Finally the Indian Railways is going to get a fresh lease of life out of the rut it has sunk into over years of inefficiency and mismanagement. After years of failed attempts at reviving the fortunes of the world’s fourth largest railway network, the government has invited private companies to invest in running 151 trains on 109 originating-destination routes, that entail an investment of about 4 bn US dollars. This will be the first major shift in railway operations since Independence.

Over the years, the railways has been proving a white elephant for the government because the cost of upkeep and maintenance of the gargantuan system was overriding the earnings from passenger and freight movement.

This small step at exploring and exploiting the potential of private firms to boost the finances and efficiency of the railways can be a game changer in the years to come and give us a roadmap of the trajectory that is most suitable for the sustained success of this experiment for a more permanent template of business operation in the sector.

Railways need to get out of the stranglehold of unions and highhandedness of labour leaders who have traditionally stalled any rejig plan as long as it didn’t cater to their interests. This pandering of decades has bled the railways, and today it has become difficult to even pay the salaries to the massive workforce. The smallest fare hikes are greeted with protests, despite the fact the India has one the lowest rail journey fares in the world.

Meanwhile, due to the lack of discipline and accountability in the work culture, the services of the country’s largest single public transport facility have deteriorated beyond redemption, which is why no one wants to pay more for what he is getting.

 Every quarter of railways, from the food quality to the standard of cleanliness, cries for attention and funding, both of which the railways is hard put to provide. This had made it pertinent for the government to think out of the box and improve the overall paraphernalia of the railways to save it from sinking, even if it means handing over the management in phases to private expertise.

Private players are bound to usher in a new work interface and consumer experience. This is an era of smart management which envisages best use of limited resources and customised service in line with the trend, taste and preferences of the customer – something the railway mandarins are almost oblivious of.

The government-run railways has a penchant to promote flab, which affects efficiency and leads to waste of resources.  Years of clumsy practices have led to this crisis today. This is starkly opposite to the business model that a successful venture of our times needs to adopt.

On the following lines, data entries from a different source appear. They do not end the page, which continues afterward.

(* For measurability we transport
   to d.-tuple R, which MathComp-Analysis equips with the product (= Borel)
   sigma-algebra generated by the coordinate projections. *)
Definition tup_of_rV (R : realType) (d : nat) (x : 'rV[R]_d) : d.-tuple R :=
  [tuple x ord0 i | i < d].
Definition rV_of_tup (R : realType) (d : nat) (t : d.-tuple R) : 'rV[R]_d :=
  \row_i tnth t i.

Definition eucl (R : realType) (d : nat) (x : 'rV[R]_d) : R :=
  Num.sqrt (\sum_(i < d) x ord0 i ^+ 2).

Definition is_norm_Rd (R : realType) (d : nat) (nrm : 'rV[R]_d -> R) : Prop :=
  [/\ forall x, nrm x = 0 -> x = 0,
      forall (a : R) x, nrm (a *: x) = `|a| * nrm x
    & forall x y, nrm (x + y) <= nrm x + nrm y].

Definition gamma_contraction (R : realType) (d : nat) (nrm : 'rV[R]_d -> R)
  (gamma : R) (T : 'rV[R]_d -> 'rV[R]_d) : Prop :=
  0 < gamma < 1 /\ forall x y, nrm (T x - T y) <= gamma * nrm (x - y).

Definition ceil_nat (R : realType) (r : R) : nat := `|Num.ceil r|%N.

(* Expectation (of a nonnegative extended-real functional) over k independent
   samples xi_1, ..., xi_k ~ mu, as the iterated integral
   \int mu(dxi_1) ... \int mu(dxi_k) h [:: xi_1; ...; xi_k]. *)
Fixpoint iid_int (dX : measure_display) (Xi : measurableType dX) (R : realType)
  (mu : probability Xi R) (k : nat) (h : seq Xi -> \bar R) : \bar R :=
  match k with
  | 0 => h [::]
  | k'.+1 => (\int[mu]_xi iid_int mu k' (fun s => h (xi :: s)))%E
  end.

Definition halpern_update (R : realType) (d : nat) (dX : measure_display)
  (Xi : measurableType dX) (Ttil : 'rV[R]_d -> Xi -> 'rV[R]_d)
  (x0 : 'rV[R]_d) (beta : nat -> R) (k : nat -> nat)
  (n : nat) (x : 'rV[R]_d) (s : seq Xi) : 'rV[R]_d :=
  (1 - beta n) *: x0 + beta n *: ((k n)%:R^-1 *: \sum_(xi <- s) Ttil x xi).

(* Expectation of f(x^{n+m-1}) for the stochastic Halpern chain started at
   state x = x^{n-1} and run for iterations n, n+1, ..., n+m-1, where at
   iteration j a fresh batch of k_j independent samples is drawn from
   D (x^{j-1}).  (Ionescu-Tulcea / iterated-kernel form of the expectation.) *)
Fixpoint halpern_expect (R : realType) (d : nat) (dX : measure_display)
  (Xi : measurableType dX) (D : 'rV[R]_d -> probability Xi R)
  (Ttil : 'rV[R]_d -> Xi -> 'rV[R]_d) (x0 : 'rV[R]_d)
  (beta : nat -> R) (k : nat -> nat) (f : 'rV[R]_d -> \bar R)
  (m n : nat) (x : 'rV[R]_d) : \bar R :=
  match m with
  | 0 => f x
  | m'.+1 => iid_int (D x) (k n)
      (fun s => halpern_expect D Ttil x0 beta k f m' n.+1
                  (halpern_update Ttil x0 beta k n x s))
  end.

From HB Require Import structures.
From mathcomp Require Import all_boot all_order all_algebra.
From mathcomp Require Import all_classical all_reals all_analysis.
From mathcomp Require Import measurable_realfun.
From mathcomp Require Import ring lra.

Set Implicit Arguments.
Unset Strict Implicit.
Unset Printing Implicit Defensive.
Import Order.TTheory GRing.Theory Num.Theory.
Import numFieldNormedType.Exports.
Local Open Scope classical_set_scope.
Local Open Scope ring_scope.

(* Write r_n = ||x^n - x^*||.  Since x^* = (1 - beta_n) x^* + beta_n T x^*, one step
   of the iteration gives
     r_n <= (1 - beta_n) r_0 + beta_n gamma r_(n-1) + beta_n mu ||e_n||_2,
   where e_n is the mean of k_n independent centred oracle errors, so that
   E ||e_n||_2 <= sigma / sqrt k_n.  As (n+1) beta_n = n and (n+1) (1 - beta_n) = 1,
   multiplying the n-th inequality by (n+1) gamma^(N-n) and chaining them gives
     (N+1) E r_N <= r_0 sum_(i <= N) gamma^i
                    + mu sigma sum_(n <= N) gamma^(N-n) n / sqrt k_n.
   The choice k_n >= n^2 gamma^(N-n) bounds the last sum by
   sum_i (sqrt gamma)^i <= 2 / (1 - gamma), whence
   E r_N <= (r_0 + 2 mu sigma) / ((N+1) (1 - gamma)) <= eps.  The query count is
   sum_n k_n <= N^2 / (1 - gamma) + N, where
   N <= 2 (r_0 + 2 mu sigma) / (eps (1 - gamma)) once eps (1 - gamma) <= r_0 + 2 mu sigma.
   The expectations are iterated integrals over the batches; the argument only uses
   monotonicity of the integral of nonnegative functions and linearity over a single
   sample. *)

Lemma sum_expr_le (R : realFieldType) (q : R) m : 0 <= q < 1 ->
  \sum_(i < m) q ^+ i <= (1 - q)^-1.
Proof.
move=> /andP[q0 q1]; rewrite -[leRHS]mul1r ler_pdivlMr ?subr_gt0 //.
have -> : (\sum_(i < m) q ^+ i) * (1 - q) = 1 - q ^+ m.
  by apply: oppr_inj; rewrite opprB subrX1 mulrC -mulNr opprB.
by rewrite gerBl exprn_ge0.
Qed.

Lemma sum_sqrt_expr_le (R : realType) (q : R) m : 0 <= q < 1 ->
  \sum_(i < m) Num.sqrt q ^+ i <= 2 / (1 - q).
Proof.
move=> /andP[q0 q1]; set s := Num.sqrt q.
have s0 : 0 <= s := sqrtr_ge0 q.
have s1 : s < 1 by rewrite -sqrtr1 ltr_sqrt.
apply: le_trans (sum_expr_le _ _) _; first by rewrite s0.
have -> : 1 - q = (1 - s) * (1 + s) by rewrite -subr_sqr expr1n sqr_sqrtr.
rewrite ler_pdivlMr ?mulr_gt0 ?subr_gt0 ?ltr_wpDr // mulrA mulVf ?mul1r; lra.
Qed.

Lemma ceil_nat_ge (R : realType) (r : R) : r <= (ceil_nat r)%:R.
Proof.
have [r0|r0] := leP 0 r; last by apply: le_trans (ltW r0) _.
by rewrite /ceil_nat natr_absz ger0_norm ?ceil_ge // ceil_ge0; lra.
Qed.

Lemma ceil_nat_lt (R : realType) (r : R) : 0 <= r -> (ceil_nat r)%:R < r + 1.
Proof.
move=> r0; rewrite /ceil_nat natr_absz ger0_norm ?ceil_ge0; last lra.
by rewrite -ltrBlDr; have := ceilB1_lt r; rewrite intrB.
Qed.

Lemma le_mul_ceil_nat (R : realType) (a c : R) : 0 < c ->
  a <= c * (ceil_nat (a / c))%:R.
Proof. by move=> c0; rewrite -ler_pdivrMl // mulrC ceil_nat_ge. Qed.

Lemma lee_affine_right_limit (R : realType) (x : \bar R) (a b c s : R) :
  0 <= b -> 0 < c -> (forall t, s < t -> (x <= ((a + b * t) / c)%:E)%E) ->
  (x <= ((a + b * s) / c)%:E)%E.
Proof.
move=> b0 c0 x_le; apply/lee_addgt0Pr => e e0.
have b1 : 0 < b + 1 by lra.
apply: le_trans (x_le (s + e * c / (b + 1)) _) _.
  by rewrite ltrDl divr_gt0 // mulr_gt0.
rewrite -EFinD lee_fin mulrDr addrA mulrDl lerD2l.
rewrite (_ : _ / c = e * (b / (b + 1))); last by field; rewrite !gt_eqF.
by rewrite ler_piMr ?ltW // ltr_pdivrMr // mul1r ltrDl.
Qed.

Section EuclideanNorm.
Context (R : realType) (d : nat).
Implicit Types v w : 'rV[R]_d.

Lemma eucl_ge0 w : 0 <= eucl w.
Proof. exact: sqrtr_ge0. Qed.

Lemma sqr_eucl w : eucl w ^+ 2 = \sum_(i < d) w ord0 i ^+ 2.
Proof. by rewrite sqr_sqrtr // sumr_ge0 // => i _; rewrite sqr_ge0. Qed.

Lemma eucl0 : eucl (0 : 'rV[R]_d) = 0.
Proof. by rewrite /eucl big1 ?sqrtr0 // => i _; rewrite mxE expr0n. Qed.

Lemma sqr_euclD v w : eucl (v + w) ^+ 2 =
  eucl v ^+ 2 + \sum_(i < d) 2 * v ord0 i * w ord0 i + eucl w ^+ 2.
Proof.
rewrite !sqr_eucl -!big_split; apply: eq_bigr => i _ /=.
by rewrite mxE sqrrD -mulrA mulr_natl.
Qed.

End EuclideanNorm.

Section NormRd.
Context (R : realType) (d : nat) (nrm : 'rV[R]_d -> R).
Hypothesis nrm_norm : is_norm_Rd nrm.

Lemma nrmZ a x : nrm (a *: x) = `|a| * nrm x.
Proof. by case: nrm_norm. Qed.

Lemma nrmD x y : nrm (x + y) <= nrm x + nrm y.
Proof. by case: nrm_norm. Qed.

Lemma nrm_ge0 x : 0 <= nrm x.
Proof.
have nrm0 : nrm 0 = 0 by rewrite -(scale0r 0) nrmZ normr0 mul0r.
by have := nrmD x (- x); rewrite subrr nrm0 -scaleN1r nrmZ normrN normr1; lra.
Qed.

End NormRd.

Section IteratedIntegral.
Context (dX : measure_display) (Xi : measurableType dX) (R : realType).
Local Open Scope ereal_scope.

Lemma ge0_le_integralT (mu : {measure set Xi -> \bar R}) (f g : Xi -> \bar R) :
  (forall x, 0 <= f x) -> (forall x, f x <= g x) ->
  \int[mu]_x f x <= \int[mu]_x g x.
Proof.
move=> f0 fg; have g0 x : 0 <= g x by exact: le_trans (f0 x) (fg x).
rewrite !ge0_integralTE //; apply: ereal_sup_le => _ [h hf <-].
by exists h => //= x; exact: le_trans (hf x) (fg x).
Qed.

Lemma iid_int_ge0 (P : probability Xi R) k h :
  (forall s, 0 <= h s) -> 0 <= iid_int P k h.
Proof.
elim: k h => [|k IH] h h0 /=; first exact: h0.
by apply: integral_ge0 => x _; exact: IH.
Qed.

Lemma iid_int_le (P : probability Xi R) k h1 h2 :
  (forall s, 0 <= h1 s) -> (forall s, size s = k -> h1 s <= h2 s) ->
  iid_int P k h1 <= iid_int P k h2.
Proof.
elim: k h1 h2 => [|k IH] h1 h2 h10 h12 /=; first exact: h12.
apply: ge0_le_integralT => x; first exact: iid_int_ge0.
by apply: IH => // s sk; apply: h12; rewrite /= sk.
Qed.

End IteratedIntegral.

Section CenteredNoise.
Context (dX : measure_display) (Xi : measurableType dX) (R : realType) (d : nat).
Variables (P : probability Xi R) (Y : Xi -> 'rV[R]_d) (sigma : R).
Hypothesis Y_int : forall i, P.-integrable setT (fun xi => (Y xi ord0 i)%:E).
Hypothesis Y_mean0 : forall i, (\int[P]_xi (Y xi ord0 i)%:E = 0)%E.
Hypothesis Y_var : (\int[P]_xi (eucl (Y xi) ^+ 2)%:E <= (sigma ^+ 2)%:E)%E.

Let sqr_eucl_Y_int : P.-integrable setT (fun xi => (eucl (Y xi) ^+ 2)%:E).
Proof.
apply/integrableP; split.
  apply/measurable_EFinP; rewrite (funext (fun xi => sqr_eucl (Y xi))).
  apply: measurable_sum => i; apply: measurable_funX.
  exact/measurable_EFinP/(measurable_int _ (Y_int i)).
under eq_integral do rewrite /= ger0_norm ?sqr_ge0 //.
exact: le_lt_trans Y_var (ltry _).
Qed.

Lemma integral_sqr_euclD_le (a b : R) (v : 'rV[R]_d) : 0 <= b ->
  (\int[P]_xi (a + b * eucl (v + Y xi) ^+ 2)%:E
    <= (a + b * (eucl v ^+ 2 + sigma ^+ 2))%:E)%E.
Proof.
move=> b0.
pose c := a + b * eucl v ^+ 2.
pose lin xi := (\sum_(i < d) (b * (2 * v ord0 i))%:E * (Y xi ord0 i)%:E)%E.
have expand xi : (a + b * eucl (v + Y xi) ^+ 2)%:E =
    (cst c%:E xi + lin xi + b%:E * (eucl (Y xi) ^+ 2)%:E)%E.
  rewrite /lin; under eq_bigr do rewrite -EFinM.
  rewrite sumEFin -EFinM -!EFinD sqr_euclD /c; congr EFin.
  under [in RHS]eq_bigr do rewrite -mulrA.
  by rewrite -mulr_sumr; ring.
have lin_int : P.-integrable setT lin.
  by apply: (integrable_sum measurableT) => i _; exact: integrableZl.
have cst_int : P.-integrable setT (cst c%:E) by exact: finite_measure_integrable_cst.
under eq_integral => xi _ do rewrite expand.
rewrite integralD //; last 2 first.
- exact: integrableD.
- exact: integrableZl.
rewrite integralD // integral_cst //= probability_setT mule1.
rewrite integral_sum //; last by move=> i; exact: integrableZl.
rewrite big1 ?adde0; last by move=> i _; rewrite integralZl // Y_mean0 mule0.
rewrite integralZl // (_ : a + _ = c + b * sigma ^+ 2); last by rewrite /c; ring.
rewrite [leRHS]EFinD; apply: leeD; first by [].
by rewrite EFinM lee_wpmul2l // lee_fin.
Qed.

We cannot let a system run on an obsolete track just because a tradition exists. We need to review the working and future of our major institutions from time to time to align them with the current needs. This is the only way the relevance and efficacy of a system can be improved and maintained. No one individual or institution is impervious to scrutiny and change. If drastic measures are needed for the development of the nation, then we have to accept it and cooperate with it. The nation’s interests have to be kept above short-term individual gains, for it the nation prospers, we all prosper.